Academic background
- Education: University of Central Oklahoma (BS) University of Oklahoma (MD) Harvard University (MPH) Dartmouth College (MHCDS)

Academic work
- Discipline: Medicine Public health
- Institutions: University of Oklahoma Harvard Medical School Baylor College of Medicine University of Minnesota University of Kansas University of New Mexico

Secretary of Health of New Mexico
- Incumbent
- Assumed office December 2020
- Governor: Michelle Lujan Grisham
- Preceded by: Kathy Kunkel

= Tracie C. Collins =

American physician

Tracie C. Collins is an American academic, physician, and government official serving as the Secretary of Health of New Mexico.
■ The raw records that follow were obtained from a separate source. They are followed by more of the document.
(* Let $M$ be a complex manifold, $m\ge 1$, and let $\varphi_0,\dots,\varphi_m$ be smooth homogeneous complex-valued differential forms on $M$ of degrees $|\varphi_0|,\dots,|\varphi_m|$. Then $$ d\,\omega_m(\varphi_0,\dots,\varphi_m)=(-1)^m\,\partial\varphi_0\wedge\dots\wedge\partial\varphi_m+\overline\partial\varphi_0\wedge\dots\wedge\overline\partial\varphi_m+\frac{1}{m!}\,\mathrm{Alt}_{m+1}\Big((-1)^{|\varphi_0|}\,\overline\partial\partial\varphi_0\wedge\omega_{m-1}(\varphi_1,\dots,\varphi_m)\Big). $$
   Context: Here $d=\partial+\overline\partial$. For homogeneous forms $f_1,\dots,f_n$ and an expression $F(f_1,\dots,f_n)$ set $\mathrm{Alt}_nF(f_1,\dots,f_n):=\sum_{\sigma\in\Sigma_n}\mathrm{sgn}_{\sigma;f_1,\dots,f_n}F(f_{\sigma(1)},\dots,f_{\sigma(n)})$, where the sign of interchanging two of the forms $f_i,f_j$ is $(-1)^{(|f_i|+1)(|f_j|+1)}$ and the sign of a general permutation is the product of the signs of the transpositions composing it (i.e. the Koszul sign with respect to the shifted degrees $|f_i|+1$). Define $$ \omega_m(\varphi_0,\dots,\varphi_m):=\frac{1}{(m+1)!}\mathrm{Alt}_{m+1}\Big(\sum_{k=0}^m(-1)^k\varphi_0\wedge\partial\varphi_1\wedge\dots\wedge\partial\varphi_k\wedge\overline\partial\varphi_{k+1}\wedge\dots\wedge\overline\partial\varphi_m\Big), $$ with the alternation applied to the forms $\varphi_0,\dots,\varphi_m$ (not moving the differential operators); in particular $\omega_0(\varphi_0)=\varphi_0$. *)

From HB Require Import structures.
From mathcomp Require Import all_boot all_order all_algebra all_fingroup.
Set Implicit Arguments. Unset Strict Implicit. Unset Printing Implicit Defensive.
Import Order.TTheory GRing.Theory Num.Theory.
Local Open Scope ring_scope.
(* Chaining the two estimates: with s = E[A; W = w], q = P(W = w - 1),
   N = P(W = w) and m = n, the cut and insertion bounds give the theorem. *)
Lemma chain_estimates (R : realFieldType) (p m s q N : R) (w : nat) :
  0 < p -> p < 1 / 2 -> 0 < m -> 0 < N -> 0 <= s -> 0 <= q ->
  (1 - p) * s <= p * (w.-1%:R * q) -> p ^+ 2 * m * q <= 18 * (w%:R * N) ->
  2 * s / N <= 72 / (m * p) * w%:R ^+ 2.
Proof.
move=> p_gt0 p_lt_half m_gt0 N_gt0 s_ge0 q_ge0 cut insert.
have mp_gt0 : 0 < m * p by rewrite mulr_gt0.
have s_le : s <= 2 * p * (w%:R * q).
  have w1_le : w.-1%:R * q <= w%:R * q by rewrite ler_wpM2r // ler_nat leq_pred.
  nra.
have key : s * (m * p) <= 36 * (w%:R ^+ 2 * N).
  apply: le_trans (ler_wpM2r (ltW mp_gt0) s_le) _.
  have := ler_wpM2l (_ : 0 <= 2 * w%:R) insert.
  rewrite (_ : 2 * p * _ * _ = 2 * w%:R * (p ^+ 2 * m * q)); last by ring.
  by rewrite (_ : 36 * _ = 2 * w%:R * (18 * (w%:R * N))); [apply; rewrite mulr_ge0 | ring].
rewrite ler_pdivrMr // (_ : _ * _ * N = 72 * (w%:R ^+ 2 * N) / (m * p)); last by ring.
rewrite ler_pdivlMr //; lra.
Qed.

Theorem mainTheorem6 :
  exists c C : rat, 0 < c /\ 0 < C /\
  forall (R : realFieldType) (n : nat) (p : R) (w : nat),
    (10 < n)%N -> 0 < p -> p < 1 / 2 ->
    (0 < w)%N -> w%:R <= ratr c * n%:R * p ->
    0 < probW n p w ->
    \sum_(i < n)
       (condE p (fun e => (Xi e i * Xi e (ord_pred i))%:R) w
      + condE p (fun e => (Xi e i * Xi e (ordS i))%:R) w)
    <= ratr C / (n%:R * p) * w%:R ^+ 2.
Proof.
exists (10%:R)^-1, 72%:R; split; first by rewrite invr_gt0 ltr0n.
split; first by rewrite ltr0n.
move=> R n p w n_gt10 p_gt0 p_lt_half w_gt0 w_small PW_gt0.
rewrite fmorphV /= !ratr_nat in w_small *.
have p_lt1 : p < 1 by lra.
have n_gt2 : (2 < n)%N by lia.
have sparse : (10 * w <= n)%N.
  have n_ge0 : (0 : R) <= n%:R by [].
  by rewrite -(ler_nat R) natrM; nra.
have w_ge0 := weight_ge0 (ltW p_gt0) (ltW p_lt1).
rewrite neighbour_sum_run3; apply: (chain_estimates (q := probW n p w.-1)) => //.
- by rewrite ltr0n; lia.
- by rewrite sumr_ge0 // => e _; rewrite mulr_ge0.
- by rewrite sumr_ge0.
- by apply: run3_deletion; rewrite ?ltW //; lia.
- have sparse' : (10 * w.-1 <= n)%N by lia.
  by have := sparse_insertion n_gt2 p_gt0 p_lt1 sparse'; rewrite prednK.
Qed.
(* Let $I$ be a monoid with identity $1$. For every object $A$ of $\mathrm{bACT}(I)$, the evaluation map $\mathrm{ev}^l_{\mathrm{Map}^l_I(A)}:\mathrm{Map}^l_I(\mathrm{Map}^l_I(A))\to\mathrm{Map}^l_I(A)$, $h\mapsto h(1)$, is a bijective $I$-equivariant map with $I$-equivariant inverse, and these maps form a natural isomorphism $\mathrm{Map}^l_I\circ\mathrm{Map}^l_I\Rightarrow\mathrm{Map}^l_I$. Likewise, $\mathrm{ev}^r_{\mathrm{Map}^r_I(A)}:\mathrm{Map}^r_I(\mathrm{Map}^r_I(A))\to\mathrm{Map}^r_I(A)$, $h\mapsto h(1)$, defines a natural isomorphism $\mathrm{Map}^r_I\circ\mathrm{Map}^r_I\Rightarrow\mathrm{Map}^r_I$.
   Context: Let $I$ be a monoid with operation $\otimes$. For a set $X$, $\mathrm{End}_l(X)$ denotes self-maps written on the left with product $f\circ g$ ($g$ first); $\mathrm{End}_r(X)$ denotes self-maps written on the right, $x\mapsto(x)f$, with $(x)(fg)=((x)f)g$. An $I$-set is a set $X$ with a pair $\xi=(\xi_l,\xi_r)$ of monoid homomorphisms $\xi_l:I\to\mathrm{End}_l(X)$, $\xi_r:I\to\mathrm{End}_r(X)$ with $(\xi_l(i)(x))\xi_r(j)=\xi_l(i)((x)\xi_r(j))$; $f:(X,\xi)\to(Y,\eta)$ is $I$-equivariant if $(f(\xi_l(i)(x)))\eta_r(i)=\eta_l(i)(f((x)\xi_r(i)))$ for all $i,x$. An $I$-set is invertible on one side if either $\xi_l(i)$ is bijective for all $i$ or $\xi_r(i)$ is bijective for all $i$; $\mathrm{bACT}(I)$ is the category of $I$-sets that are products (componentwise action) of $I$-sets invertible on one side, with $I$-equivariant maps. For an $I$-set $(A,\alpha)$: $\mathrm{Map}^l_I(A)$ is the set of $f:I\to A$ with $(f(j))\alpha_r(i)=\alpha_l(i)(f(j\otimes i))$ for all $i,j$, with action $\theta_l(k)=\mathrm{id}$, $((f)\theta_r(k))(j)=f(k\otimes j)$; $\mathrm{Map}^r_I(A)$ is the set of $f:I\to A$ with $(f(i\otimes j))\alpha_r(i)=\alpha_l(i)(f(j))$ for all $i,j$, with action $(\vartheta_l(k)(f))(i)=f(i\otimes k)$, $\vartheta_r(k)=\mathrm{id}$. Both are functors via $u\mapsto(h\mapsto u\circ h)$. $\mathrm{ev}^l_A,\mathrm{ev}^r_A$ denote evaluation at $1$. *)

From mathcomp Require Import ssreflect ssrfun ssrbool.
From Stdlib Require Import FunctionalExtensionality ProofIrrelevance.

Set Implicit Arguments. Unset Strict Implicit. Unset Printing Implicit Defensive.

Record monoid := Monoid {
  mcar :> Type;
  mop : mcar -> mcar -> mcar;
  mone : mcar;
  mopA : forall a b c, mop a (mop b c) = mop (mop a b) c;
  mop1l : forall a, mop mone a = a;
  mop1r : forall a, mop a mone = a }.

Section ISets.
Variable I : monoid.
Local Notation "a \o* b" := (mop a b) (at level 40, left associativity).
Local Notation one := (mone I).

(* xl i x = xi_l(i)(x) ; xr x i = (x)xi_r(i) *)
Definition is_Iset (X : Type) (xl : I -> X -> X) (xr : X -> I -> X) : Prop :=
  [/\ (forall x, xl one x = x),
      (forall i j x, xl (i \o* j) x = xl i (xl j x)),
      (forall x, xr x one = x),
      (forall i j x, xr x (i \o* j) = xr (xr x i) j)
    & (forall i j x, xr (xl i x) j = xl i (xr x j))].

Record Iset := ISet {
  icar :> Type;
  actl : I -> icar -> icar;
  actr : icar -> I -> icar;
  actP : is_Iset actl actr }.

Definition equivariant (X Y : Iset) (f : X -> Y) : Prop :=
  forall (i : I) (x : X), actr (f (actl i x)) i = actl i (f (actr x i)).

Definition invertible_one_side (X : Iset) : Prop :=
  (forall i : I, bijective (@actl X i)) \/
  (forall i : I, bijective (fun x : X => actr x i)).

Section Prod.
Variables (K : Type) (X : K -> Iset).
Definition prod_car := forall k, X k.
Definition prod_actl (i : I) (x : prod_car) : prod_car := fun k => actl i (x k).
Definition prod_actr (x : prod_car) (i : I) : prod_car := fun k => actr (x k) i.
Lemma prod_actP : is_Iset prod_actl prod_actr.
Proof.
split=> *; apply: functional_extensionality_dep => k;
  rewrite /prod_actl /prod_actr; case: (actP (X k)) => ? ? ? ? ?; by auto.
Qed.
Definition prod_Iset : Iset := ISet prod_actP.
End Prod.

Section Mapl.
Variable A : Iset.
Definition mapl_pred (f : I -> A) : Prop :=
  forall i j : I, actr (f j) i = actl i (f (j \o* i)).
Definition Mapl_car := {f : I -> A | mapl_pred f}.
Lemma mapl_shift_pred (f : Mapl_car) (k : I) :
  mapl_pred (fun j => proj1_sig f (k \o* j)).
Proof. by move=> i j; rewrite (proj2_sig f) mopA. Qed.
Definition mapl_actl (k : I) (f : Mapl_car) : Mapl_car := f.
Definition mapl_actr (f : Mapl_car) (k : I) : Mapl_car :=
  exist _ _ (mapl_shift_pred f k).
Lemma Mapl_actP : is_Iset mapl_actl mapl_actr.
Proof.
split=> // *; apply: eq_sig_hprop; try (move=> *; apply: proof_irrelevance);
  apply: functional_extensionality => j /=; by rewrite ?mop1l ?mopA.
Qed.
Definition Mapl : Iset := ISet Mapl_actP.
End Mapl.

Section Mapr.
Variable A : Iset.
Definition mapr_pred (f : I -> A) : Prop :=
  forall i j : I, actr (f (i \o* j)) i = actl i (f j).
Definition Mapr_car := {f : I -> A | mapr_pred f}.
Lemma mapr_shift_pred (f : Mapr_car) (k : I) :
  mapr_pred (fun i => proj1_sig f (i \o* k)).
Proof. by move=> i j; rewrite -mopA (proj2_sig f). Qed.
Definition mapr_actl (k : I) (f : Mapr_car) : Mapr_car :=
  exist _ _ (mapr_shift_pred f k).
Definition mapr_actr (f : Mapr_car) (k : I) : Mapr_car := f.
Lemma Mapr_actP : is_Iset mapr_actl mapr_actr.
Proof.
split=> // *; apply: eq_sig_hprop; try (move=> *; apply: proof_irrelevance);
  apply: functional_extensionality => j /=; by rewrite ?mop1r ?mopA.
Qed.
Definition Mapr : Iset := ISet Mapr_actP.
End Mapr.

Definition evl (A : Iset) (h : Mapl A) : A := proj1_sig h one.
Definition evr (A : Iset) (h : Mapr A) : A := proj1_sig h one.

(* action of the functors Map^l_I, Map^r_I on a map u, on underlying
   functions: h |-> u \o h *)
Definition mapfun (A B : Type) (u : A -> B) (h : I -> A) : I -> B := fun j => u (h j).

End ISets.

(* In Map^l_I(B) the left action is trivial, so the condition defining an
   element h of Map^l_I(Map^l_I(A)) reads h(j)·i = h(j ⊗ i): h is the orbit
   j ↦ h(1)·j of its value at 1.  Hence evaluation at 1 is inverted by
   f ↦ (j ↦ f·j), and both maps are equivariant.  Naturality holds on the nose, both sides being u ∘ h(1); none
   of this uses that A is a product of one-side invertible I-sets. *)
From mathcomp Require Import ssreflect ssrfun ssrbool.
From Stdlib Require Import FunctionalExtensionality ProofIrrelevance.

Set Implicit Arguments. Unset Strict Implicit. Unset Printing Implicit Defensive.

Lemma sig_funext (T U : Type) (P : (T -> U) -> Prop) (f g : {h | P h}) :
  proj1_sig f =1 proj1_sig g -> f = g.
Proof.
move=> fg; apply: eq_sig_hprop; first by move=> *; exact: proof_irrelevance.
exact: functional_extensionality.
Qed.

Section MaplMapl.
Variables (I : monoid) (A : Iset I).

Lemma mapl_orbit_pred (f : Mapl A) :
  mapl_pred (A := Mapl A) (mapl_actr f).
Proof. by move=> i j; apply: sig_funext => x /=; rewrite mopA. Qed.

Definition evl_inv (f : Mapl A) : Mapl (Mapl A) :=
  exist _ (mapl_actr f) (mapl_orbit_pred f).

Lemma mapl_mapl_orbit (H : Mapl (Mapl A)) (j : I) :
  proj1_sig H j = mapl_actr (evl H) j.
Proof. by have := proj2_sig H j (mone I); rewrite /= /mapl_actl mop1l. Qed.

Lemma evlK : cancel (@evl I (Mapl A)) evl_inv.
Proof. by move=> H; apply: sig_funext => j; rewrite [RHS]mapl_mapl_orbit. Qed.

Lemma evl_invK : cancel evl_inv (@evl I (Mapl A)).
Proof. by move=> f; apply: sig_funext => x /=; rewrite mop1l. Qed.

Lemma evl_equivariant : equivariant (@evl I (Mapl A)).
Proof.
by move=> i H; rewrite /= /mapl_actl mop1r mapl_mapl_orbit.
Qed.

Lemma evl_inv_equivariant : equivariant evl_inv.
Proof.
move=> i f; apply: sig_funext => j /=.
by apply: sig_funext => x /=; rewrite mopA.
Qed.

End MaplMapl.

Section MaprMapr.
Variables (I : monoid) (A : Iset I).

Lemma mapr_orbit_pred (f : Mapr A) :
  mapr_pred (A := Mapr A) (fun j => mapr_actl j f).
Proof. by move=> i j; apply: sig_funext => x /=; rewrite mopA. Qed.

Definition evr_inv (f : Mapr A) : Mapr (Mapr A) :=
  exist _ (fun j => mapr_actl j f) (mapr_orbit_pred f).

Lemma mapr_mapr_orbit (H : Mapr (Mapr A)) (j : I) :
  proj1_sig H j = mapr_actl j (evr H).
Proof. by have := proj2_sig H j (mone I); rewrite /= /mapr_actr mop1r. Qed.

Lemma evrK : cancel (@evr I (Mapr A)) evr_inv.
Proof. by move=> H; apply: sig_funext => j; rewrite [RHS]mapr_mapr_orbit. Qed.

Lemma evr_invK : cancel evr_inv (@evr I (Mapr A)).
Proof. by move=> f; apply: sig_funext => x /=; rewrite mop1r. Qed.

Lemma evr_equivariant : equivariant (@evr I (Mapr A)).
Proof.
by move=> i H; rewrite /= /mapr_actr mop1l mapr_mapr_orbit.
Qed.

Lemma evr_inv_equivariant : equivariant evr_inv.
Proof.
move=> i f; apply: sig_funext => j /=.
by apply: sig_funext => x /=; rewrite mopA.
Qed.

End MaprMapr.

Theorem mainTheorem9 (I : monoid) (K : Type) (X : K -> Iset I)
  (hX : forall k, invertible_one_side (X k)) :
  let A := prod_Iset X in
  [/\ bijective (@evl I (Mapl A)),
      equivariant (@evl I (Mapl A))
    & (exists g : Mapl A -> Mapl (Mapl A),
          [/\ cancel (@evl I (Mapl A)) g, cancel g (@evl I (Mapl A))
            & equivariant g])]
  /\ [/\
      bijective (@evr I (Mapr A)),
      equivariant (@evr I (Mapr A))
    & (exists g : Mapr A -> Mapr (Mapr A),
          [/\ cancel (@evr I (Mapr A)) g, cancel g (@evr I (Mapr A))
            & equivariant g])]
  /\
  (* naturality with respect to every morphism u : A -> B of bACT(I) *)
  (forall (K' : Type) (Y : K' -> Iset I)
     (hY : forall k, invertible_one_side (Y k))
     (u : A -> prod_Iset Y), equivariant u ->
     (forall H : Mapl (Mapl A),
        (fun j => mapfun u (proj1_sig (proj1_sig H j))) (mone I)
        = mapfun u (proj1_sig (evl H))) /\
     (forall H : Mapr (Mapr A),
        (fun j => mapfun u (proj1_sig (proj1_sig H j))) (mone I)
        = mapfun u (proj1_sig (evr H)))).
Proof.
move=> A; split; last split; last by [].
- split; first exact: Bijective (@evlK I A) (@evl_invK I A).
  + exact: evl_equivariant.
  + by exists (@evl_inv I A); split; [exact: evlK | exact: evl_invK |
      exact: evl_inv_equivariant].
- split; first exact: Bijective (@evrK I A) (@evr_invK I A).
  + exact: evr_equivariant.
  + by exists (@evr_inv I A); split; [exact: evrK | exact: evr_invK |
      exact: evr_inv_equivariant].
Qed.
(* Above theta the split probability is 1 - e^{(theta - a)/lambda}/2, whose
   logarithmic derivative is at most e^{(theta - a)/lambda}/lambda. *)
Lemma log_split_incr_le_tail a h : 0 <= h -> 0 <= delta -> theta <= a ->
  psi (a + h) - psi a <= h / lam * exp ((theta - a) / lam).
Proof.
  intros Hh Hd Ha; unfold psi, log_split, split_prob.
  rewrite (Rmax_right (theta - delta) a), (Rmax_right (theta - delta) (a + h)) by lra.
  rewrite !lap_survival_nonpos by lra.
  set (E := exp ((theta - a) / lam)); set (q := exp (- h / lam)).
  assert (Eq : exp ((theta - (a + h)) / lam) = E * q).
  { unfold E, q; rewrite <- exp_plus; f_equal; unfold Rdiv; ring. }
  rewrite Eq.
  assert (HE : 0 < E <= 1).
  { split; [apply exp_pos|apply exp_div_le_1; lra]. }
  assert (Hq : 0 < q <= 1) by (split; [apply exp_pos|apply exp_div_le_1; lra]).
  assert (Hq1 : 1 - q <= h / lam).
  { pose proof (exp_ineq1_le (- h / lam)) as Hexp; fold q in Hexp.
    replace (- h / lam) with (- (h / lam)) in Hexp by (unfold Rdiv; ring); lra. }
  rewrite <- ln_div_eq by nra.
  eapply Rle_trans; [apply ln_le_sub_1; apply Rdiv_lt_0_compat; nra|].
  replace ((1 - / 2 * (E * q)) / (1 - / 2 * E) - 1) with (E * (1 - q) / (2 - E)) by (field; lra).
  apply Rle_trans with (E * (1 - q)); [|nra].
  apply Rmult_le_reg_r with (2 - E); [lra|].
  replace (E * (1 - q) / (2 - E) * (2 - E)) with (E * (1 - q)) by (field; lra).
  assert (0 <= E * (1 - q)) by nra; nra.
Qed.

End LogSplitIncrement.

Fixpoint sumR {A} (f : A -> R) (l : list A) : R :=
  match l with [] => 0 | a :: l' => f a + sumR f l' end.

Lemma sumR_app {A} (f : A -> R) l1 l2 : sumR f (l1 ++ l2) = sumR f l1 + sumR f l2.
Proof. induction l1 as [|a l1 IH]; simpl; [ring|rewrite IH; ring]. Qed.

Lemma sumR_map {A B} (f : B -> R) (g : A -> B) l : sumR f (map g l) = sumR (fun a => f (g a)) l.
Proof. induction l as [|a l IH]; simpl; [ring|rewrite IH; ring]. Qed.

Lemma sumR_plus {A} (f g : A -> R) l : sumR (fun a => f a + g a) l = sumR f l + sumR g l.
Proof. induction l as [|a l IH]; simpl; [ring|rewrite IH; ring]. Qed.

Lemma sumR_scale {A} c (f : A -> R) l : sumR (fun a => c * f a) l = c * sumR f l.
Proof. induction l as [|a l IH]; simpl; [ring|rewrite IH; ring]. Qed.

Lemma sumR_zero {A} (l : list A) : sumR (fun _ => 0) l = 0.
Proof. induction l as [|a l IH]; simpl; [reflexivity|rewrite IH; ring]. Qed.

Lemma sumR_le {A} (f g : A -> R) l : (forall a, In a l -> f a <= g a) -> sumR f l <= sumR g l.
Proof.
  induction l as [|a l IH]; simpl; intros H; [lra|].
  pose proof (H a (or_introl eq_refl)); enough (sumR f l <= sumR g l) by lra.
  apply IH; intros; apply H; auto.
Qed.

Lemma sumR_ext {A} (f g : A -> R) l : (forall a, In a l -> f a = g a) -> sumR f l = sumR g l.
Proof. intros H; apply Rle_antisym; apply sumR_le; intros a Ha; rewrite H by exact Ha; lra. Qed.

Lemma sumR_nonpos {A} (f : A -> R) l : (forall a, In a l -> f a <= 0) -> sumR f l <= 0.
Proof.
  induction l as [|a l IH]; simpl; intros H; [lra|].
  pose proof (H a (or_introl eq_refl)); enough (sumR f l <= 0) by lra.
  apply IH; intros; apply H; auto.
Qed.

Lemma sumR_filter_split {A} (p : A -> bool) f l :
  sumR f l = sumR f (filter p l) + sumR f (filter (fun a => negb (p a)) l).
Proof. induction l as [|a l IH]; simpl; [ring|destruct (p a); simpl; rewrite IH; ring]. Qed.

Lemma sumR_filter {A} (p : A -> bool) f l :
  (forall a, In a l -> p a = false -> f a = 0) -> sumR f l = sumR f (filter p l).
Proof.
  intros H; rewrite (sumR_filter_split p) at 1.
  enough (sumR f (filter (fun a => negb (p a)) l) = 0) by lra.
  rewrite (sumR_ext _ (fun _ => 0)).
  - apply sumR_zero.
  - intros a Ha; apply filter_In in Ha as [Ha Hp]; apply H; [exact Ha|now destruct (p a)].
Qed.

Definition separated (d : R) (l : list R) : Prop :=
  NoDup l /\ forall x y, In x l -> In y l -> x <> y -> d <= Rabs (x - y).

Lemma separated_incl d l l' : NoDup l' -> incl l' l -> separated d l -> separated d l'.
Proof. intros N I [_ H]; split; auto. Qed.

Lemma separated_filter d p l : separated d l -> separated d (filter p l).
Proof.
  intros Hs; apply separated_incl with l; [apply NoDup_filter, Hs|apply incl_filter|exact Hs].
Qed.

Lemma separated_shift d c l : separated d l -> separated d (map (fun a => a + c) l).
Proof.
  intros [N H]; split.
  - apply FinFun.Injective_map_NoDup; [intros x y E; lra|exact N].
  - intros x y Hx Hy Hne.
    apply in_map_iff in Hx as [x' [<- Hx]]; apply in_map_iff in Hy as [y' [<- Hy]].
    replace (x' + c - (y' + c)) with (x' - y') by ring.
    apply H; auto; intros ->; auto.
Qed.
(* Let $\alpha: I\to M$ be a unit-speed curve on an oriented surface $M\subset E^3$ with Darboux frame $\{T,V,U\}$ and curvatures $k_g,k_n,\tau_g$, with $k_g(s)\neq 0$ for all $s\in I$. Let $c_1$ be a nonzero real constant, let $\psi$ be an antiderivative of $k_n\tau_g/k_g$ on $I$, and let $$\gamma(s)=\alpha(s)+c_1e^{-\psi(s)}\Big(\frac{\tau_g(s)}{k_g(s)}T(s)+U(s)\Big),$$ and assume $\gamma$ is regular. Then $\gamma$ is a general helix if and only if $\alpha$ is a helical curve on $M$.
   Context: $M$ is an oriented surface in Euclidean 3-space $E^3$ and $\alpha:I\to M$ is a unit-speed curve with arc-length parameter $s$. Its Darboux frame $\{T,V,U\}$ consists of the unit tangent $T=\alpha'$, the unit surface normal $U$ of $M$ along $\alpha$, and $V=U\times T$; it satisfies $T'=k_gV+k_nU$, $V'=-k_gT+\tau_gU$, $U'=-k_nT-\tau_gV$, where $k_g,k_n,\tau_g$ are the geodesic curvature, normal curvature and geodesic torsion. A regular curve is a general helix if its unit tangent makes a constant angle with a fixed direction. $\alpha$ is a helical curve on $M$ if $\langle T,d\rangle$ is constant for some fixed unit vector $d$. *)

From Stdlib Require Import Reals.
From Coquelicot Require Import Coquelicot.
Open Scope R_scope.

Record vec := mkV { vx : R; vy : R; vz : R }.

Definition vadd (u v : vec) : vec := mkV (vx u + vx v) (vy u + vy v) (vz u + vz v).
Definition vscal (c : R) (v : vec) : vec := mkV (c * vx v) (c * vy v) (c * vz v).
Definition vopp (v : vec) : vec := vscal (-1) v.
Definition vdot (u v : vec) : R := vx u * vx v + vy u * vy v + vz u * vz v.
Definition vnorm (v : vec) : R := sqrt (vdot v v).
Definition vcross (u v : vec) : vec :=
  mkV (vy u * vz v - vz u * vy v)
      (vz u * vx v - vx u * vz v)
      (vx u * vy v - vy u * vx v).
Definition vzero : vec := mkV 0 0 0.

Definition vderiv (f : R -> vec) (s : R) (v : vec) : Prop :=
  is_derive (fun t => vx (f t)) s (vx v) /\
  is_derive (fun t => vy (f t)) s (vy v) /\
  is_derive (fun t => vz (f t)) s (vz v).

Definition Iopen (a b : Rbar) (s : R) : Prop := Rbar_lt a s /\ Rbar_lt s b.

Definition regular_on (I : R -> Prop) (g : R -> vec) : Prop :=
  forall s, I s -> exists v, vderiv g s v /\ v <> vzero.

Definition general_helix_on (I : R -> Prop) (g : R -> vec) : Prop :=
  regular_on I g /\
  exists d : vec, vnorm d = 1 /\
  exists c : R, forall s v, I s -> vderiv g s v ->
    vdot (vscal (/ vnorm v) v) d = c.

Definition helical_on (I : R -> Prop) (T : R -> vec) : Prop :=
  exists d : vec, vnorm d = 1 /\
  exists c : R, forall s, I s -> vdot (T s) d = c.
Prior to her confirmation by the New Mexico Senate on February 19, 2021, Collins was the dean of the University of New Mexico College of Population Health.

== Education ==
Collins earned a Bachelor of Science degree in chemistry from the University of Central Oklahoma, a Doctor of Medicine from the University of Oklahoma College of Medicine, a Master of Public Health from Harvard University, and a Master of Health Care Delivery Science from Dartmouth College.

== Career ==
Collins completed an internal medicine residency at the University of Oklahoma and two fellowships at Harvard Medical School. Collins worked on the faculty of the Baylor College of Medicine before becoming an associate professor at the University of Minnesota Medical School. From 2011 to 2019, Collins was a professor and department chair of the University of Kansas School of Medicine. In 2019, she became dean of the University of New Mexico College of Population Health. On November 11, 2020, Governor Michelle Lujan Grisham selected Collins as the Secretary of Health of New Mexico. She was confirmed by the New Mexico Senate on February 19, 2021.